Investigating differential linguistic patterns exhibited by Major Depressive Disorder (MDD) Patients and building a Long Short Term Memory Network + Convolutional Neural Network Model, Logistic Regression model, and a Multinomial Naive Bayes Classifier Algorithm to develop Spero, a hybrid app based Early-MDD diagnosis system
Author(s) -
Shivam Garg,
Ashley Raigosa,
Rimsha Aiman
Publication year - 2020
Publication title -
international journal of scientific research in computer science, engineering and information technology
Language(s) - English
Resource type - Journals
ISSN - 2456-3307
DOI - 10.32628/cseit206527
Subject(s) - major depressive disorder , convolutional neural network , multinomial logistic regression , artificial intelligence , naive bayes classifier , computer science , logistic regression , machine learning , multinomial distribution , psychology , support vector machine , psychiatry , statistics , mood , mathematics
Major Depressive Disorder (MDD), otherwise known as Depression, is the leading psychiatric disorder globally in terms of the number of individuals it affects.
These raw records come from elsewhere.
Lemma horo_stretch_hdist_out K p r : 1 <= K -> 0 < snd p -> 0 < snd r ->
  0 <= bus p -> bus r <= 0 -> hdist (horo_stretch K p) r <= hdist p r + (K - 1) * bus p.
Proof.
  intros HK Hp Hr Hs Ht.
  set (s := bus p) in *; set (t := bus r) in *; set (d := hdist p r).
  assert (Hd : Rabs (s - t) <= d) by (apply bus_lipschitz; assumption).
  rewrite Rabs_right in Hd by lra.
  assert (Hcd : cosh d = cosh (s - t) + (fst p - fst r) ^ 2 * exp (- (s + t)) / 8)
    by (unfold d; rewrite cosh_hdist, hcosh_bus by assumption; reflexivity).
  apply hdist_le_iff; try apply horo_stretch_pos; [assumption | nra |].
  rewrite hcosh_bus by (try apply horo_stretch_pos; assumption).
  rewrite bus_horo_stretch, stretch_pos_nonneg by assumption. fold s t. simpl fst.
  pose proof (sq_mul_exp_opp_le (fst p - fst r) (s + t) (K * s + t) ltac:(nra)).
  assert (cosh (K * s - t) - cosh (s - t) <= cosh (d + (K - 1) * s) - cosh d)
    by (apply cosh_sub_cosh_le; nra).
  lra.
Qed.

Lemma horo_stretch_hcosh_contract K p q : 0 < K <= 1 -> 0 < snd p -> 0 < snd q ->
  hcosh (horo_stretch K p) (horo_stretch K q) - 1
  <= exp ((1 - K) * (Rabs (bus p) + Rabs (bus q))) * (hcosh p q - 1).
Proof.
  intros HK Hp Hq. rewrite hcosh_horo_stretch, hcosh_bus by assumption.
  set (s := bus p); set (t := bus q); set (M := exp ((1 - K) * (Rabs s + Rabs t))).
  assert (HM : 1 <= M) by (apply exp_ge_1; pose proof (Rabs_pos s); pose proof (Rabs_pos t); nra).
  assert (Hcosh : cosh (stretch_pos K s - stretch_pos K t) <= cosh (s - t)).
  { rewrite <- cosh_Rabs, <- (cosh_Rabs (s - t)).
    apply cosh_le_compat; [apply Rabs_pos | apply stretch_pos_sub_le_contract; assumption]. }
  assert (Hexp : exp (- (stretch_pos K s + stretch_pos K t)) <= exp (- (s + t)) * M).
  { unfold M; rewrite <- exp_plus; apply exp_le_compat.
    pose proof (stretch_pos_add_ge_contract K HK s t); lra. }
  pose proof (pow2_ge_0 (fst p - fst q)); pose proof (exp_pos (- (s + t))).
  pose proof (cosh_ge_1 (s - t)).
  assert ((fst p - fst q) ^ 2 * exp (- (stretch_pos K s + stretch_pos K t))
          <= (fst p - fst q) ^ 2 * (exp (- (s + t)) * M)) by (apply Rmult_le_compat_l; lra).
  nra.
Qed.

Lemma horo_stretch_continuous K : 0 < K -> hcontinuous_on half_plane (horo_stretch K).
Proof.
  intros HK. destruct (Rle_or_lt 1 K) as [HK1 | HK1].
  { intros p Hp. apply (lipschitz_hcontinuous half_plane _ K); [lra | | exact Hp].
    intros; apply horo_stretch_lipschitz; assumption. }
  intros p Hp eps Heps. unfold half_plane in Hp.
  set (s := bus p); set (M := exp ((1 - K) * (2 * Rabs s + 1))).
  assert (HM : 1 <= M) by (apply exp_ge_1; pose proof (Rabs_pos s); nra).
  pose proof (cosh_increasing 0 eps ltac:(lra) Heps) as Hceps. rewrite cosh_0 in Hceps.
  set (a := 1 + (cosh eps - 1) / M).
  assert (Ha : 1 < a).
  { unfold a. assert (0 < (cosh eps - 1) / M) by (apply Rdiv_lt_0_compat; lra). lra. }
  assert (Haa : 0 < arcosh a).
  { destruct (Rle_or_lt (arcosh a) 0) as [Hle | Hlt]; [| exact Hlt].
    apply arcosh_le_iff in Hle; [rewrite cosh_0 in Hle |..]; lra. }
  exists (Rmin 1 (arcosh a)). split; [apply Rmin_glb_lt; lra |].
  intros q Hq Hpq. unfold half_plane in Hq.
  pose proof (Rmin_l 1 (arcosh a)); pose proof (Rmin_r 1 (arcosh a)).
  assert (Hnear : hcosh p q < a).
  { rewrite <- (cosh_arcosh a) by lra. apply hdist_lt_iff; lra. }
  assert (Hbus : Rabs (bus q) <= Rabs s + 1).
  { pose proof (bus_lipschitz p q Hp Hq) as Hlip. fold s in Hlip.
    rewrite <- Rabs_Ropp, Ropp_minus_distr in Hlip.
    pose proof (Rabs_triang_inv (bus q) s). lra. }
  assert (HMq : exp ((1 - K) * (Rabs s + Rabs (bus q))) <= M)
    by (apply exp_le_compat; pose proof (Rabs_pos s); nra).
  pose proof (horo_stretch_hcosh_contract K p q ltac:(lra) Hp Hq) as Hc. fold s in Hc.
  pose proof (hcosh_ge_1 p q Hp Hq).
  apply hdist_lt_iff; try apply horo_stretch_pos; [lra |].
  assert (M * (hcosh p q - 1) < cosh eps - 1).
  { apply (Rmult_lt_compat_l M) in Hnear; [| lra]. unfold a in Hnear.
    replace (M * (1 + (cosh eps - 1) / M)) with (M + (cosh eps - 1)) in Hnear by (field; lra).
    lra. }
  nra.
Qed.

Lemma horo_stretch_triangle K p : 0 < K -> ideal_triangle p -> ideal_triangle (horo_stretch K p).
Proof.
  intros HK Ht. destruct (Rle_dec (bus p) 0) as [Hout | Hin].
  { rewrite horo_stretch_out by (try apply Ht; assumption). exact Ht. }
  destruct p as [x y]. unfold ideal_triangle in *. simpl in *. destruct Ht as [Hy [Hx Hn]].
  pose proof (exp_ge_1 (stretch_pos K (bus (x, y)))).
  assert (0 <= stretch_pos K (bus (x, y))) by (left; apply stretch_pos_gt_0; lra).
  pose proof (pow2_ge_0 x). repeat split; try tauto; nra.
Qed.

(** * The three cusps of the ideal triangle *)

Inductive cusp := Cinf | Cone | Cmone.

Definition cusp_chart (c : cusp) : pt -> pt :=
  match c with Cinf => fun p => p | Cone => inversion 1 | Cmone => inversion (-1) end.

Definition bus_at (c : cusp) (p : pt) : R := bus (cusp_chart c p).

Definition horo_stretch_at (K : R) (c : cusp) (p : pt) : pt :=
  cusp_chart c (horo_stretch K (cusp_chart c p)).

Section Cusp.

Variable c : cusp.

Lemma cusp_chart_pos p : 0 < snd p -> 0 < snd (cusp_chart c p).
Proof. destruct c; cbn [cusp_chart]; auto using inversion_pos. Qed.

Lemma cusp_chart_involutive p : 0 < snd p -> cusp_chart c (cusp_chart c p) = p.
Proof. destruct c; cbn [cusp_chart]; auto using inversion_involutive. Qed.

Lemma hdist_cusp_chart p q : 0 < snd p -> 0 < snd q ->
  hdist (cusp_chart c p) (cusp_chart c q) = hdist p q.
Proof. destruct c; cbn [cusp_chart]; auto using hdist_inversion. Qed.

Lemma cusp_chart_triangle p : ideal_triangle p -> ideal_triangle (cusp_chart c p).
Proof. destruct c; cbn [cusp_chart]; auto using inversion_triangle. Qed.

Lemma bus_at_lipschitz p q : 0 < snd p -> 0 < snd q -> Rabs (bus_at c p - bus_at c q) <= hdist p q.
Proof.
  intros. unfold bus_at. rewrite <- hdist_cusp_chart by assumption.
  apply bus_lipschitz; apply cusp_chart_pos; assumption.
Qed.

Lemma horo_stretch_at_pos K p : 0 < snd (horo_stretch_at K c p).
Proof. apply cusp_chart_pos, horo_stretch_pos. Qed.

Lemma bus_horo_stretch_at K p : bus_at c (horo_stretch_at K c p) = stretch_pos K (bus_at c p).
Proof.
  unfold bus_at, horo_stretch_at. rewrite cusp_chart_involutive by apply horo_stretch_pos.
  apply bus_horo_stretch.
Qed.

Lemma horo_stretch_at_out K p : 0 < snd p -> bus_at c p <= 0 -> horo_stretch_at K c p = p.
Proof.
  intros. unfold horo_stretch_at.
  rewrite horo_stretch_out by (try apply cusp_chart_pos; assumption).
  apply cusp_chart_involutive; assumption.
Qed.

Lemma horo_stretch_at_inv K p : 0 < K -> 0 < snd p ->
  horo_stretch_at (/ K) c (horo_stretch_at K c p) = p.
Proof.
  intros. unfold horo_stretch_at. rewrite cusp_chart_involutive by apply horo_stretch_pos.
  rewrite horo_stretch_inv by (try apply cusp_chart_pos; assumption).
  apply cusp_chart_involutive; assumption.
Qed.

Lemma horo_stretch_at_lipschitz K p q : 1 <= K -> 0 < snd p -> 0 < snd q ->
  hdist (horo_stretch_at K c p) (horo_stretch_at K c q) <= K * hdist p q.
Proof.
  intros. unfold horo_stretch_at. rewrite hdist_cusp_chart by apply horo_stretch_pos.
  rewrite <- (hdist_cusp_chart p q) by assumption.
  apply horo_stretch_lipschitz; try apply cusp_chart_pos; assumption.
Qed.

Lemma horo_stretch_at_hdist_out K p r : 1 <= K -> 0 < snd p -> 0 < snd r ->
  0 <= bus_at c p -> bus_at c r <= 0 ->
  hdist (horo_stretch_at K c p) r <= hdist p r + (K - 1) * bus_at c p.
Proof.
  intros. unfold horo_stretch_at. rewrite <- (cusp_chart_involutive r) at 1 by assumption.
  rewrite hdist_cusp_chart by (try apply horo_stretch_pos; apply cusp_chart_pos; assumption).
  rewrite <- (hdist_cusp_chart p r) by assumption.
  apply horo_stretch_hdist_out; try apply cusp_chart_pos; assumption.
Qed.

Lemma horo_stretch_at_continuous K : 0 < K -> hcontinuous_on half_plane (horo_stretch_at K c).
Proof.
  intros HK p Hp eps Heps.
  destruct (horo_stretch_continuous K HK (cusp_chart c p) (cusp_chart_pos p Hp) eps Heps)
    as [d [Hd Hnear]].
  exists d; split; [exact Hd |]. intros q Hq Hpq. unfold horo_stretch_at.
  rewrite hdist_cusp_chart by apply horo_stretch_pos.
  apply Hnear; [apply cusp_chart_pos; exact Hq |]. rewrite hdist_cusp_chart; assumption.
Qed.
Lemma omega_sub_le_phi a :
  a_of K Rs phi r = Finite a ->
  forall j0, (j0 < K)%nat -> forall z, A_set K Rs r z ->
    0 < bracket a r (pdist z (Rs j0)) /\ omega_sub a r (pdist z (Rs j0)) <= phi z.
Proof.
  intros Ha j0 Hj0 z Hz.
  destruct (A_set_margin K Rs r z Hz) as (d & Hd & Hm).
  assert (Hb : forall b, a < b -> -1 < b /\ omega_sub b r (pdist z (Rs j0)) <= phi z).
  { intros b Hab. destruct (boundary_data_of_a a Ha b Hab d Hd) as (s & Hs & Hs2 & Hmu & Hsq).
    destruct (omega_sub_le_phi_of_boundary b s j0 Hj0 ltac:(lra) Hmu Hsq) as [Hb1 H].
    split; auto. apply H, Hm. lra. }
  set (rho := pdist z (Rs j0)) in *.
  assert (Hrho : r < rho) by (apply Hz; auto).
  assert (Ha1 : -1 <= a).
  { apply Rnot_lt_le. intro. destruct (Hb ((a + -1) / 2) ltac:(lra)). lra. }
  assert (HU : 0 < bracket a r rho).
  { pose proof (ratio_pow_lt_1 r rho r_pos Hrho).
    destruct (ratio_pow_bounds r rho r_pos ltac:(lra)) as [[E1 _] _].
    unfold bracket. destruct (Rle_or_lt 0 a); nra. }
  split; auto.
  apply Rnot_lt_le. intros Hlt.
  destruct (continuous_R_eps _ a (omega_sub_continuous_in_b a r rho ltac:(lra) ltac:(lra))
              (omega_sub a r rho - phi z) ltac:(lra)) as (d' & Hd' & Hc).
  specialize (Hc (a + d' / 2) ltac:(rewrite Rabs_pos_eq; lra)).
  destruct (Hb (a + d' / 2) ltac:(lra)) as [_ Hle]. apply Rabs_lt_between in Hc. lra.
Qed.

(** * The lower bound by [nu] *)

Lemma nu_finite a :
  a_of K Rs phi r = Finite a ->
  exists nuv, nu a mu r = Finite nuv /\ 0 <= nuv /\
    forall j, (j < K)%nat -> forall z, A_set K Rs r z ->
      nuv <= mu * pdist z (Rs j) \/ nuv <= omega_sub a r (pdist z (Rs j)) * pdist z (Rs j).
Proof.
  intros Ha.
  assert (Hmax0 : forall u v, Rbar_le (Finite 0) u -> Rbar_le (Finite 0) (Rbar_maxr u v)).
  { intros u v H. unfold Rbar_maxr. destruct (Rbar_lt_dec u v); auto.
    apply Rbar_le_trans with u; auto. apply Rbar_lt_le; auto. }
  assert (H0 : Rbar_le (Finite 0) (nu a mu r)).
  { apply Rbar_glb_ge_lower. intros y (x' & Hx' & ->). apply Hmax0.
    pose proof (pnorm_ge0 x'). simpl. apply Rmult_le_pos; lra. }
  assert (Hel : forall j, (j < K)%nat -> forall z, A_set K Rs r z ->
    Rbar_le (nu a mu r) (Rbar_maxr (Finite (mu * pdist z (Rs j)))
                                    (Finite (omega_sub a r (pdist z (Rs j)) * pdist z (Rs j))))).
  { intros j Hj z Hz. apply Rbar_glb_le_elem. exists (psub z (Rs j)). split.
    - specialize (Hz j Hj). unfold pdist in Hz. lra.
    - destruct (omega_sub_le_phi a Ha j Hj z Hz) as [HU _]. pose proof (Hz j Hj).
      unfold omega_minus. fold (pdist z (Rs j)). rewrite Rpower_ratio_pow by lra.
      fold (bracket a r (pdist z (Rs j))).
      destruct (Req_EM_T (bracket a r (pdist z (Rs j))) 0); [lra | reflexivity]. }
  assert (Hz0 : A_set K Rs r (shift 0 (2 * r) (Rs 0%nat))).
  { destruct (axis_point_dist (2 * r) ltac:(lra)) as [_ Hcl]. intros j Hj. specialize (Hcl j Hj). lra. }
  pose proof (Hel 0%nat ltac:(lia) _ Hz0) as Hel0.
  destruct (nu a mu r) as [nuv| |] eqn:En.
  - exists nuv. split; auto. split; [exact H0|].
    intros j Hj z Hz. specialize (Hel j Hj z Hz).
    unfold Rbar_maxr in Hel. destruct (Rbar_lt_dec _ _); simpl in Hel; auto.
  - unfold Rbar_maxr in Hel0. destruct (Rbar_lt_dec _ _); simpl in Hel0; contradiction.
  - contradiction.
Qed.
(* There is an infinite family of instances (temporal graphs $\mathcal G_n$ with parameters $T_{\max}$ and $\delta$ depending on $n$) such that, for every $k$, the witness complexity of $\mathcal G_n$ grows in $\Omega(|E(\mathcal G_n)|)$, with the implied constant independent of $k$.
   Context: A temporal graph $\mathcal G=(V,E,\lambda)$ with lifetime $T_{\max}$ consists of a finite undirected static graph $(V,E)$ and a labeling $\lambda:E\to\{1,\dots,T_{\max}\}$; edge $e$ is present only at time $\lambda(e)$. Infection model with parameter $\delta\in\mathbb N^+$: a set $S\subseteq V\times[0,T_{\max}]$ of at most $k$ seed infections is given; a seed $(u,t)$ makes $u$ infected at time $t$; otherwise a susceptible node $u$ becomes infected at time $t$ iff some neighbour $v$ infectious at time $t$ has $\lambda(uv)=t$ (exactly one infector recorded if several exist). A node infected at time $t$ is infectious at times $t+1,\dots,t+\delta$ and resistant afterwards. The infection log records triples $(u,v,t)$ ($u$ infected $v$ at time $t$; seeds as $(u,u,t)$); a log is consistent if produced by some infection chain. A witnessing schedule of length $a$ for $\mathcal G$ is a sequence $S_1,\dots,S_a$ of seed infection sets (each of size at most $k$) such that after performing these $a$ rounds, all edge labels of $\mathcal G$ are uniquely determined (among labelings of the known static graph $(V,E)$) by the infection logs of these rounds. The witness complexity of $\mathcal G$ is the length of a shortest witnessing schedule. *)

From mathcomp Require Import all_boot.
Unset Printing Implicit Defensive.

(* A temporal graph: finite vertex type, static simple graph given by a
   symmetric irreflexive relation, lifetime Tmax, infectious period delta,
   and a labeling on 2-element vertex sets (edges). *)
Record tgraph := TGraph {
  tV : finType;
  tE : rel tV;
  tTmax : nat;
  tdelta : nat;
  tlam : {set tV} -> nat
}.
Despite this there is no effective and reliable early diagnostics system for MDD. Hence, through this study, we aimed to fill this void by not only investigating linguistic differences in posts made on social media by people exhibiting and people not exhibiting symptoms of MDD but also by developing various machine learning architectures to build an accessible, sensitive, and accurate MDD early diagnostics system. Through the differential linguistic analysis we conducted on the dataset we manually scraped and filtered, we clearly demonstrated that there indeed were certain linguistic and topical features that were different amongst depressed and healthy patients. Furthermore, we also successfully built three different ML Algorithms in which our Long Short Term Memory Network (LSTM) + Convolutional Neural Network (CNN) Model attained an accuracy of 95.00%, our Multinomial Naive Bayes Classifier Algorithm attained an accuracy of 92%, and our Logistic Regression Model achieved an accuracy of 87.627%. Ultimately, given the LSTM + CNN Model’s high accuracy, weighted precision (0.95), recall (0.95), and f-1 score (0.95), we decided to integrate it into an app built on Swift UI to develop Spero, a first of its kind early diagnostics system for MDD.